Datasets

A number of example datasets can be found at Principles of Econometrics book website along with their dataset definitions or from R datasets which are available in both R and Python.

Of course, you are encouraged to find any other data, which may be interesting to you.
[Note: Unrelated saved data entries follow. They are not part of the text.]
(* Let $q$ be even and $n\ge2$. The unipotent conjugacy classes of type $(2,1,\dots,1)$ in $\mathbf{SL}_n(q)$ are not of type D.
   Context: Unipotent type = sizes of Jordan blocks; type $(2,1,\dots,1)$ means one block of size 2 and $n-2$ blocks of size 1. Conjugacy classes are racks with $x\triangleright y=xyx^{-1}$. A subrack $Y$ is decomposable if $Y=R\sqcup S$ with nonempty subracks $R,S$, $Y\triangleright R=R$, $Y\triangleright S=S$. Type D: a decomposable subrack $R\sqcup S$ with $r\in R,s\in S$ and $r\triangleright(s\triangleright(r\triangleright s))\neq s$. *)

From HB Require Import structures.
From mathcomp Require Import all_boot all_order all_algebra.
Set Implicit Arguments. Unset Strict Implicit. Unset Printing Implicit Defensive.
Import GRing.Theory.
Local Open Scope ring_scope.

Section Defs.
Variables (F : finFieldType) (n : nat).
Local Notation M := 'M[F]_n.

Definition rtri (x y : M) : M := x *m y *m invmx x.

Definition SL : {set M} := [set g : M | \det g == 1].

Definition sl_class (x : M) : {set M} := [set rtri g x | g in SL].

(* unipotent of type (2,1,...,1): x - 1 is nilpotent with exactly one Jordan
   block of size 2 and all others of size 1, i.e. (x-1)^2 = 0 and rank(x-1)=1 *)
Definition unipotent_type21 (x : M) : bool :=
  ((x - 1%:M) *m (x - 1%:M) == 0) && (\rank (x - 1%:M) == 1%N).

Definition is_subrack (Y : {set M}) : Prop :=
  forall x y, x \in Y -> y \in Y -> rtri x y \in Y.

Definition rack_act (Y R : {set M}) : {set M} := [set rtri y r | y in Y, r in R].

Definition decomposable_as (Y R S : {set M}) : Prop :=
  [/\ Y = R :|: S, [disjoint R & S], R != set0 & S != set0] /\
  [/\ is_subrack R, is_subrack S, rack_act Y R = R & rack_act Y S = S].

Definition type_D (X : {set M}) : Prop :=
  exists R S : {set M},
    [/\ R :|: S \subset X, is_subrack (R :|: S), decomposable_as (R :|: S) R S
      & exists r s, [/\ r \in R, s \in S & rtri r (rtri s (rtri r s)) != s]].
End Defs.

From HB Require Import structures.
From mathcomp Require Import all_boot all_order all_algebra all_fingroup all_solvable all_field.
From mathcomp Require Import ring.
Set Implicit Arguments. Unset Strict Implicit. Unset Printing Implicit Defensive.
Import GRing.Theory.
Local Open Scope ring_scope.

(* In characteristic 2 every element of the class is an involution r = 1 + A
   with A^2 = 0 and rank A = 1.  For two such elements r = 1 + A, s = 1 + B
   put l = tr (A B); rank one gives A B A = l A and B A B = l B, hence
   N = r s - 1 satisfies N^3 = l N + l N^2.  If l = 0 then (r s)^4 = 1, which
   says exactly r |> (s |> (r |> s)) = s.  If l <> 0, the algebra F[N] is
   reduced, so r s has odd order o, and r = (r s)^(o+1) s is obtained from s
   by repeatedly applying t |-> r (s t s) r; so r and s cannot lie in the
   two different blocks R and S of a decomposition. *)

Lemma pchar2_even_card (F : finFieldType) : ~~ odd #|F| -> 2 \in [pchar F].
Proof.
move=> evenF; have [p p_pr pcharFp] := finPcharP F.
have F_pgroup := abelem_pgroup (fin_ring_pchar_abelem pcharFp).
have : p.-nat 2 by apply: pnat_dvd F_pgroup; rewrite cardsT dvdn2.
by rewrite pnatE // => /eqP ->.
Qed.

Lemma unit_exp_period (R : finUnitRingType) (u : R) :
  u \is a GRing.unit -> exists2 d, (0 < d)%N & u ^+ d = 1.
Proof.
move=> Uu; pose U : {unit R} := FinRing.unit _ Uu.
exists #[U]%g; first exact: order_gt0.
by rewrite -[u]/(val U) -FinRing.val_unitX expg_order.
Qed.

Lemma odd_exp_eq1 (R : pzRingType) (u : R) d :
  (0 < d)%N -> u ^+ d = 1 -> (forall k, u ^+ k.*2 = 1 -> u ^+ k = 1) ->
  exists2 o, odd o & u ^+ o = 1.
Proof.
move=> + + halve; elim/ltn_ind: d => d IH d_gt0 ud.
have [odd_d|even_d] := boolP (odd d); first by exists d.
have d_eq : d = (d./2).*2 by rewrite -{1}(odd_double_half d) (negbTE even_d).
apply: (IH d./2); last by apply: halve; rewrite -d_eq.
- by rewrite -divn2 ltn_Pdiv.
- by rewrite half_gt0; case: (d) d_gt0 even_d => [|[|]].
Qed.

Lemma rank1_mulmx_sandwich (F : fieldType) m n (A : 'M[F]_(m, n)) (X : 'M_(n, m)) :
  \rank A = 1%N -> A *m X *m A = \tr (A *m X) *: A.
Proof.
move=> rkA; have := mulmx_base A; move: (col_base A) (row_base A); rewrite rkA.
move=> c d <-; rewrite -!mulmxA (mulmxA d) (mulmxA _ c) [d *m X *m c]mx11_scalar.
by rewrite mul_scalar_mx scalemxAr mxtrace_mulC /mxtrace big_ord1.
Qed.

Lemma unipotent_type21_conj (F : finFieldType) n (g x : 'M[F]_n) :
  g \in unitmx -> unipotent_type21 x -> unipotent_type21 (rtri g x).
Proof.
move=> Ug /andP[/eqP sqrA /eqP rkA]; rewrite /unipotent_type21.
have -> : rtri g x - 1%:M = g *m (x - 1%:M) *m invmx g.
  by rewrite /rtri mulmxBr mulmxBl mulmx1 mulmxV.
apply/andP; split; apply/eqP.
  rewrite -!mulmxA (mulmxA (invmx g)) mulVmx // mul1mx.
  by rewrite (mulmxA (x - 1%:M)) sqrA mul0mx mulmx0.
by rewrite mxrankMfree ?row_free_unit ?unitmx_inv // eqmxMfull ?row_full_unit.
Qed.

Lemma sl_class_unipotent_type21 (F : finFieldType) n (x y : 'M[F]_n) :
  unipotent_type21 x -> y \in sl_class x -> unipotent_type21 y.
Proof.
move=> ux /imsetP[g]; rewrite inE => /eqP detg ->.
by apply: unipotent_type21_conj; rewrite // unitmxE detg unitr1.
Qed.

Section Pchar2Matrix.
Variables (F : fieldType) (n : nat).
Local Notation M := 'M[F]_n.+1.

Lemma mul_sqr0_cubic (A B : M) (l : F) :
  A ^+ 2 = 0 -> B ^+ 2 = 0 -> A * B * A = l *: A -> B * A * B = l *: B ->
  let N := A + B + A * B in N ^+ 3 = l *: N + l *: N ^+ 2.
Proof.
rewrite !expr2 => AA BB ABA BAB N.
have AAl X : X * A * A = 0 by rewrite -mulrA AA mulr0.
have BBl X : X * B * B = 0 by rewrite -mulrA BB mulr0.
have ABAl X : X * A * B * A = l *: (X * A) by rewrite -!mulrA (mulrA A) ABA scalerAr.
have BABl X : X * B * A * B = l *: (X * B) by rewrite -!mulrA (mulrA B) BAB scalerAr.
rewrite !exprS expr0 mulr1 /N.
do 3 rewrite ?mulrDl ?mulrDr ?mulrA ?AA ?BB ?ABA ?BAB ?AAl ?BBl ?ABAl ?BABl
  ?mul0r -?scalerAl -?scalerAr.
move: (A * B) (B * A) => P Q; apply/matrixP=> i j; rewrite !mxE; ring.
Qed.

Hypothesis pchar2 : 2 \in [pchar F].

Lemma sqrrD_comm_pchar2 (x y : M) : x * y = y * x -> (x + y) ^+ 2 = x ^+ 2 + y ^+ 2.
Proof.
have pchar2M : 2 \in [pchar M] by apply: (rmorph_pchar (@scalar_mx F n.+1)).
exact: (pFrobenius_autD_comm pchar2M).
Qed.

Lemma sqrr1D_pchar2 (x : M) : (1 + x) ^+ 2 = 1 + x ^+ 2.
Proof. by rewrite sqrrD_comm_pchar2 ?expr1n // mul1r mulr1. Qed.

Lemma sqr0_involutive (A : M) : A ^+ 2 = 0 -> (1 + A) ^+ 2 = 1.
Proof. by rewrite sqrr1D_pchar2 => ->; rewrite addr0. Qed.

Lemma cube0_exp4 (N : M) : N ^+ 3 = 0 -> (1 + N) ^+ 4 = 1.
Proof.
by move=> N3; rewrite (exprM _ 2 2) !sqrr1D_pchar2 -exprM (exprS _ 3) N3 mulr0 addr0.
Qed.

End Pchar2Matrix.

Section IdempotentSpan.
Variables (F : fieldType) (n : nat) (E N : 'M[F]_n.+1) (l : F).
Hypotheses (EE : E * E = E) (EN : E * N = N) (NE : N * E = N).
Hypothesis NN : N ^+ 2 = l *: (E + N).

Lemma exp_1addr_span k : exists a b, (1 + N) ^+ k = 1 + (a *: E + b *: N).
Proof.
elim: k => [|k [a [b IH]]]; first by exists 0, 0; rewrite !scale0r !addr0.
exists (a + b * l), (a + b + b * l + 1).
rewrite exprSr IH !mulrDl !mulrDr !mul1r !mulr1 -!scalerAl EN -expr2 NN.
apply/matrixP=> i j; rewrite !mxE; ring.
Qed.

Hypotheses (pchar2 : 2 \in [pchar F]) (l_neq0 : l != 0).

Lemma scaled_idem_sqr0 c : (c *: E) ^+ 2 = 0 -> c *: E = 0.
Proof.
rewrite exprZn [E ^+ 2]expr2 EE => /eqP; rewrite scaler_eq0.
by case/orP=> [|/eqP->]; rewrite ?scaler0 // expf_eq0 /= => /eqP->; rewrite scale0r.
Qed.

Lemma span_sqr_eq0 a b : (a *: E + b *: N) ^+ 2 = 0 -> a *: E + b *: N = 0.
Proof.
set z := a *: E + b *: N => z2.
suff [c zc] : exists c, z = c *: E by rewrite zc; apply: scaled_idem_sqr0; rewrite -zc.
have [b0|b0] := eqVneq b 0; first by exists a; rewrite /z b0 scale0r addr0.
have cbl : b ^+ 2 * l != 0 by rewrite mulf_neq0 ?expf_neq0.
have {}z2 : a ^+ 2 *: E + b ^+ 2 *: (l *: (E + N)) = 0.
  rewrite -z2 sqrrD_comm_pchar2 // ?exprZn ?[E ^+ 2]expr2 ?EE ?NN //.
  by rewrite -scalerAl -!scalerAr -scalerAl EN NE.
pose c := - (a ^+ 2 + b ^+ 2 * l) / (b ^+ 2 * l).
have NcE : N = c *: E.
  apply: (scalerI cbl); rewrite scalerA mulrCA divff // mulr1.
  apply/matrixP=> i j; move/matrixP/(_ i j): z2; rewrite !mxE => z2.
  by rewrite -[LHS]subr0 -z2; ring.
by exists (a + b * c); rewrite /z NcE scalerA scalerDl.
Qed.

Lemma exp_double_eq1 k : (1 + N) ^+ k.*2 = 1 -> (1 + N) ^+ k = 1.
Proof.
rewrite -muln2 exprM; have [a [b ->]] := exp_1addr_span k.
rewrite sqrr1D_pchar2 // -{2}[1]addr0 => /addrI/span_sqr_eq0 ->.
by rewrite addr0.
Qed.

End IdempotentSpan.

(* l^-1 (N^2 - l N) is the unit of the algebra spanned by N and N^2.  Since
   l != 0, N is annihilated by the separable polynomial t (t^2 + l t + l), so
   that algebra has no nonzero square-zero element. *)
Lemma cubic_exp_double_eq1 (F : fieldType) n (N : 'M[F]_n.+1) (l : F) :
  2 \in [pchar F] -> l != 0 -> N ^+ 3 = l *: N + l *: N ^+ 2 ->
  forall k, (1 + N) ^+ k.*2 = 1 -> (1 + N) ^+ k = 1.
Proof.
move=> pchar2 l_neq0 N3.
pose E := l^-1 *: (N ^+ 2 - l *: N).
have lE : l *: E = N ^+ 2 - l *: N by rewrite scalerA divff // scale1r.
have NE : N * E = N.
  by rewrite -scalerAr mulrBr -scalerAr -expr2 -exprS N3 addrK scalerA mulVf // scale1r.
have EN : E * N = N.
  by rewrite -scalerAl mulrBl -scalerAl -expr2 -exprSr N3 addrK scalerA mulVf // scale1r.
have EE : E * E = E.
  by rewrite {1}/E -scalerAl mulrBl -scalerAl expr2 -mulrA !NE -expr2.
have NN : N ^+ 2 = l *: (E + N) by rewrite scalerDr lE subrK.
exact: exp_double_eq1 EE EN NE NN pchar2 l_neq0.
Qed.

Lemma sqr1_unit (R : unitRingType) (x : R) : x ^+ 2 = 1 -> x \is a GRing.unit.
Proof. by move=> xx; rewrite -(unitrX_pos _ (isT : 0 < 2)%N) xx unitr1. Qed.

Section Reflections.
Variables (R : pzRingType) (r s : R).
Hypothesis ss : s ^+ 2 = 1.

Lemma reflection_conj_rotation k :
  r * (s * ((r * s) ^+ k * s) * s) * r = (r * s) ^+ k.+2 * s.
Proof.
have ssK t : t * s * s = t by rewrite -mulrA -expr2 ss mulr1.
by rewrite !mulrA ssK -exprS -[_ * r]ssK -(mulrA _ r s) -exprSr.
Qed.

Lemma reflection_triple : r * (s * (r * s * r) * s) * r = (r * s) ^+ 4 * s.
Proof.
by rewrite -reflection_conj_rotation expr2 !mulrA -(mulrA _ s s) -expr2 ss mulr1.
Qed.

Lemma reflections_conj (P : R -> Prop) :
  (forall t, P t -> P (r * t * r)) -> (forall t, P t -> P (s * t * s)) ->
  P s -> forall o, odd o -> (r * s) ^+ o = 1 -> P r.
Proof.
move=> Pr Ps Pss o odd_o rso.
have Pk k : P ((r * s) ^+ k.*2 * s).
  elim: k => [|k IH]; first by rewrite mul1r.
  by rewrite doubleS -reflection_conj_rotation; apply/Pr/Ps.
have half_o : (o.+1)./2.*2 = o.+1 by rewrite -[RHS]odd_double_half /= odd_o.
by have := Pk (o.+1)./2; rewrite half_o exprSr rso mul1r -mulrA -expr2 ss mulr1.
Qed.

End Reflections.

Section TransvectionClass.
Variables (F : finFieldType) (n : nat).
Local Notation M := 'M[F]_n.+1.

Lemma unipotent_type21P (x : M) :
  unipotent_type21 x -> (x - 1) ^+ 2 = 0 /\ \rank (x - 1) = 1%N.
Proof. by case/andP=> /eqP + /eqP; rewrite mulmxE -expr2. Qed.

Lemma unipotent_type21_involutive (x : M) :
  2 \in [pchar F] -> unipotent_type21 x -> x ^+ 2 = 1.
Proof.
move=> pchar2 /unipotent_type21P[A2 _].
by rewrite -[x](addrNK 1) addrC sqr0_involutive.
Qed.

Lemma mul_unipotent_type21_cubic (r s : M) :
  unipotent_type21 r -> unipotent_type21 s ->
  exists l : F, (r * s - 1) ^+ 3 = l *: (r * s - 1) + l *: (r * s - 1) ^+ 2.
Proof.
move=> /unipotent_type21P[A2 rkA] /unipotent_type21P[B2 rkB].
set A := r - 1 in A2 rkA; set B := s - 1 in B2 rkB.
have ABA := rank1_mulmx_sandwich B rkA; have BAB := rank1_mulmx_sandwich A rkB.
rewrite mxtrace_mulC in BAB; rewrite !mulmxE in ABA BAB.
exists (\tr (A * B)); have -> : r * s - 1 = A + B + A * B.
  rewrite /A /B mulrBl !mulrBr !mul1r mulr1; move: (r * s) => P.
  by apply/matrixP=> i j; rewrite !mxE; ring.
exact: mul_sqr0_cubic.
Qed.

Lemma mul_unipotent_type21_order (r s : M) :
  2 \in [pchar F] -> unipotent_type21 r -> unipotent_type21 s ->
  (r * s) ^+ 4 = 1 \/ exists2 o, odd o & (r * s) ^+ o = 1.
Proof.
move=> pchar2 ur us; have [l N3] := mul_unipotent_type21_cubic ur us.
have Urs : r * s \is a GRing.unit.
  by rewrite unitrMr !sqr1_unit ?unipotent_type21_involutive.
have [d d_gt0 rsd] := unit_exp_period Urs.
have rsN : r * s = 1 + (r * s - 1) by rewrite addrC subrK.
rewrite rsN in rsd *; set N := r * s - 1 in N3 rsd *.
have [l0|l_neq0] := eqVneq l 0; [left | right].
  by apply: cube0_exp4; rewrite // N3 l0 !scale0r addr0.
apply: odd_exp_eq1 d_gt0 rsd _.
exact: cubic_exp_double_eq1 pchar2 l_neq0 N3.
Qed.

Lemma rtri_involutive (r t : M) : r ^+ 2 = 1 -> rtri r t = r * t * r.
Proof.
move=> rr; have Ur := sqr1_unit rr.
by rewrite /rtri !mulmxE -[invmx r]/(r^-1) -[r^-1]mul1r -rr expr2 mulrK.
Qed.

End TransvectionClass.

Lemma rack_act_closed (F : finFieldType) n (Y S : {set 'M[F]_n}) y t :
  rack_act Y S = S -> y \in Y -> t \in S -> rtri y t \in S.
Proof. by move=> actS yY tS; rewrite -actS; apply: imset2_f. Qed.

Theorem mainTheorem14 (F : finFieldType) (n : nat) :
  ~~ odd #|F| -> (2 <= n)%N ->
  forall x : 'M[F]_n, x \in SL F n -> unipotent_type21 x ->
  ~ type_D (sl_class x).
Proof.
case: n => [|n] evenF // _ x _ ux.
move=> [R [S [RSX _ [[_ dRS _ _] [_ _ _ actS]] [r [s [rR sS]]]]]].
have pchar2 := pchar2_even_card evenF.
have uY y : y \in R :|: S -> unipotent_type21 y.
  by move=> yY; apply: sl_class_unipotent_type21 ux (subsetP RSX y yY).
have rY : r \in R :|: S by rewrite inE rR.
have sY : s \in R :|: S by rewrite inE sS orbT.
have [ur us] := (uY r rY, uY s sY).
have rr := unipotent_type21_involutive pchar2 ur.
have ss := unipotent_type21_involutive pchar2 us.
case: (mul_unipotent_type21_order pchar2 ur us) => [rs4 | [o odd_o rso]].
  by rewrite !rtri_involutive // reflection_triple // rs4 mul1r eqxx.
have : r \in S.
  apply: (reflections_conj ss (P := fun t => t \in S) _ _ sS odd_o rso) => t tS;
    by rewrite -rtri_involutive //; apply: rack_act_closed actS _ tS.
by rewrite (disjointFr dRS rR).
Qed.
The data that will be used in this section is chosen for its ease of access.

The datasets can be loaded in both R and Python.
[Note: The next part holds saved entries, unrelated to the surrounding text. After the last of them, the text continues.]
(* Let $G$ be a complex, simply-connected, simple Lie group with Borel subgroup $B$, maximal torus $\mathbb{T}\subset B$, simple roots $\Delta$ and Weyl group $W$ with Bruhat order $\le$ and longest element $w_0$. For any parabolic subgroup $P\supseteq B$ (with corresponding $\Delta_P\subsetneq\Delta$ and $w_P$ the longest element of $W_P$) we have $\Gamma(w_0w_P)=\Delta$.
   Context: $W_P$ is the subgroup of $W$ generated by $s_\alpha$, $\alpha\in\Delta_P$. For $v\in W$, $\Gamma(v):=\{\alpha\in\Delta\mid s_\alpha\le v\}$, where $s_\alpha$ is the simple reflection associated with $\alpha$. *)

(* Weyl group of a simple Lie algebra, realized from its
   Cartan matrix as the group generated by the simple reflections acting on
   the root lattice (coordinates w.r.t. the simple roots). *)
From HB Require Import structures.
From mathcomp Require Import all_boot all_order all_algebra.
Set Implicit Arguments.
Unset Strict Implicit.
Unset Printing Implicit Defensive.
Import Order.TTheory GRing.Theory Num.Theory.
Local Open Scope ring_scope.

Section Weyl.
Variable n : nat.
Implicit Types (A : 'M[int]_n).

Definition finite_type_cartan A : Prop :=
  [/\ forall i, A i i = 2,
      forall i j, i != j -> A i j <= 0,
      forall i j, A i j = 0 <-> A j i = 0
    & exists d : 'I_n -> rat,
        [/\ forall i, 0 < d i,
            forall i j, d i * (A i j)%:~R = d j * (A j i)%:~R
          & forall x : 'I_n -> rat, (exists i, x i != 0) ->
              0 < \sum_i \sum_j x i * d i * (A i j)%:~R * x j]].

(* indecomposable Cartan matrix (connected Dynkin diagram) <-> simple *)
Definition indecomposable A : Prop :=
  forall S : {set 'I_n}, S != set0 -> S != setT ->
    exists i j, [/\ i \in S, j \notin S & A i j != 0].

(* simple reflection s_i : alpha_j |-> alpha_j - a_ij alpha_i *)
Definition refl A (i : 'I_n) : 'M[int]_n :=
  \matrix_(k, j) ((k == j)%:R - (k == i)%:R * A i j).

Definition word A (s : seq 'I_n) : 'M[int]_n :=
  foldr (fun i M => refl A i *m M) 1%:M s.

Definition in_W A (w : 'M[int]_n) : Prop := exists s, word A s = w.

Definition reduced A (s : seq 'I_n) : Prop :=
  forall s', word A s' = word A s -> (size s <= size s')%N.

Definition length_of A (w : 'M[int]_n) (k : nat) : Prop :=
  exists s, [/\ word A s = w, size s = k & reduced A s].

(* reflections: conjugates w s_i w^-1 of simple reflections *)
Definition reflection A (t : 'M[int]_n) : Prop :=
  exists s i, t = word A (s ++ i :: rev s).

Definition bruhat_step A (u v : 'M[int]_n) : Prop :=
  exists t, [/\ reflection A t, v = u *m t &
    exists k l, [/\ length_of A u k, length_of A v l & (k < l)%N]].

Inductive bruhat_le A : 'M[int]_n -> 'M[int]_n -> Prop :=
| bruhat_refl u : bruhat_le A u u
| bruhat_trans u v w : bruhat_le A u v -> bruhat_step A v w -> bruhat_le A u w.

(* longest element of the parabolic subgroup W_J (J = setT gives w_0) *)
Definition longest_in A (J : {set 'I_n}) (w : 'M[int]_n) : Prop :=
  exists s, [/\ word A s = w, all (mem J) s, reduced A s &
    forall s', all (mem J) s' -> reduced A s' -> (size s' <= size s)%N].

(* Gamma(v) = { alpha in Delta | s_alpha <= v } *)
(* as a predicate on Delta = 'I_n (Bruhat order is Prop-valued) *)
Definition Gamma A (v : 'M[int]_n) (i : 'I_n) : Prop :=
  bruhat_le A (refl A i) v.

End Weyl.

From mathcomp Require Import all_boot all_order all_algebra.
From mathcomp Require Import fingroup perm zify ring lra.
Set Implicit Arguments.
Unset Strict Implicit.
Unset Printing Implicit Defensive.
Import Order.TTheory GRing.Theory Num.Theory.
Local Open Scope ring_scope.

(* Column j of [word A s] holds the coordinates of w(alpha_j) in the simple roots.
   The key input is the classical fact that w(alpha_j) is a nonnegative combination of
   simple roots whenever l(w s_j) > l(w) (Deodhar's argument: split off from w the
   longest right factor lying in the rank-2 parabolic subgroup generated by s_j and the
   last letter of a reduced word of w, and check the six rank-2 Cartan matrices by hand).
   In particular w0 sends every simple root to a nonpositive vector.
   Let r be a reduced word of w0 wP. If s_i occurs in r, then s_i <= w0 wP by the subword
   property. Otherwise left multiplication by r fixes row i, so row i of w0 = (w0 wP) wP^-1
   is row i of wP^-1, i.e. e_i - c^T A for some integer vector c supported on J. As this row
   is nonpositive, c^T A >= e_i; positive definiteness forces c >= 0, and indecomposability
   of A then forces c = 0 because c vanishes outside J != Delta, a contradiction. *)

Lemma big_delta_r (R : pzSemiRingType) n (F : 'I_n -> R) j :
  \sum_l F l * (l == j)%:R = F j.
Proof.
rewrite (bigD1 j) //= eqxx mulr1 big1 ?addr0 // => l /negbTE ->.
by rewrite mulr0.
Qed.

Lemma big_delta_l (R : pzSemiRingType) n (F : 'I_n -> R) j :
  \sum_l (j == l)%:R * F l = F j.
Proof.
rewrite (bigD1 j) //= eqxx mul1r big1 ?addr0 // => l; rewrite eq_sym => /negbTE ->.
by rewrite mul0r.
Qed.

Lemma big_support2 (V : nmodType) n (F : 'I_n -> V) s t : s != t ->
  (forall l, l != s -> l != t -> F l = 0) -> \sum_l F l = F s + F t.
Proof.
move=> st F0; rewrite (bigD1 s) //= (bigD1 t) 1?eq_sym //= big1 ?addr0 //.
by move=> l /andP [ls lt]; apply: F0.
Qed.

Section WeylGroup.
Variables (n : nat) (A : 'M[int]_n).
Hypothesis Adiag : forall i, A i i = 2.

Lemma refl_mulmxE m i (M : 'M[int]_(n, m)) k j :
  (refl A i *m M) k j = M k j - (k == i)%:R * \sum_l A i l * M l j.
Proof.
rewrite !mxE; under eq_bigr do rewrite mxE mulrBl.
rewrite sumrB big_delta_l mulr_sumr; congr (_ - _).
by apply: eq_bigr => l _; rewrite mulrA.
Qed.

Lemma mulmx_reflE m i (M : 'M[int]_(m, n)) k j :
  (M *m refl A i) k j = M k j - M k i * A i j.
Proof.
rewrite !mxE; under eq_bigr do rewrite mxE mulrBr.
rewrite sumrB big_delta_r; under eq_bigr do rewrite mulrA.
by rewrite -mulr_suml big_delta_r.
Qed.

Lemma reflK i : refl A i *m refl A i = 1%:M.
Proof.
apply/matrixP=> k j; rewrite mulmx_reflE !mxE Adiag.
by case: (k =P i) => [->|_]; rewrite ?mul1r ?mul0r ?subr0 //; case: (i =P j) => _; lia.
Qed.

Lemma word_cat s t : word A (s ++ t) = word A s *m word A t.
Proof. by elim: s => [|x s IH] /=; rewrite ?mul1mx // IH mulmxA. Qed.

Lemma word_seq1 x : word A [:: x] = refl A x.
Proof. exact: mulmx1. Qed.

Lemma word_rcons s x : word A (rcons s x) = word A s *m refl A x.
Proof. by rewrite -cats1 word_cat word_seq1. Qed.

Lemma word_rcons_rcons s x : word A (rcons (rcons s x) x) = word A s.
Proof. by rewrite !word_rcons -mulmxA reflK mulmx1. Qed.

Lemma word_cat_cons_cons q z x : word A (q ++ z :: z :: x) = word A (q ++ x).
Proof. by rewrite !word_cat; congr (_ *m _); rewrite /= mulmxA reflK mul1mx. Qed.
Dataset 1: Choice of transportation

The dataset: transport ( data definition).

We want to evaluate whether someone will choose to ride a bus, or car.

R
Python

#
#
data_source <- "http://www.principlesofeconometrics.com/poe5/data/csv/transport.csv"
dt1 <- read.csv(file = data_source, sep = ",", dec = ".", header = TRUE)

import pandas as pd
#
data_source = "http://www.principlesofeconometrics.com/poe5/data/csv/transport.csv"
dt1 = pd.read_csv(data_source)

Dataset 2: Titanic survivor data

The dataset: new titanic data (previous, much smaller version titanic).

Let’s say that we are interested in estimating whether a passenger will Survive¹ based on their age, gender, economic status and other factors.

R
Python

#
#
data_source <- "https://raw.githubusercontent.com/paulhendricks/titanic/master/inst/data-raw/train.csv"
dt2 <- read.csv(file = data_source, sep = ",", dec = ".", header = TRUE)

import pandas as pd
#
data_source = "https://raw.githubusercontent.com/paulhendricks/titanic/master/inst/data-raw/train.csv"
dt2 = pd.read_csv(data_source)

Dataset 3: Code or Pepsi?

The dataset: coke (data definition).

we want to evaluate whether a customer will choose coke, or pepsi.

R
Python

#
#
data_source <- "http://www.principlesofeconometrics.com/poe5/data/csv/coke.csv"
dt3 <- read.csv(file = data_source, sep = ",", dec = ".", header = TRUE)

import pandas as pd
#
data_source = "http://www.principlesofeconometrics.com/poe5/data/csv/coke.csv"
dt3 = pd.read_csv(data_source)

Dataset 4: Defaulting on debt

The dataset: credit card default.

The aim is to predict which customers will default on their credit card debt.

R
Python

#
#
#
#
dt4 <- ISLR::Default

import statsmodels.api as sm
#
dt4 = sm.datasets.get_rdataset("Default", "ISLR")
#print(dt4.__doc__) #documentation about the data
dt4 = dt4.data

Dataset 5: U.S. Women’s Labor-Force Participation

The dataset: MROZ (definition) ( more data ).

R
Python

#
#
dt5 <- foreign::read.dta("http://fmwww.bc.edu/ec-p/data/wooldridge/mroz.dta")
dt5 <- data.frame(dt5)

import pandas as pd
#
dt5 = pd.read_stata("http://fmwww.bc.edu/ec-p/data/wooldridge/mroz.dta")

Or in this case, could have survived.↩︎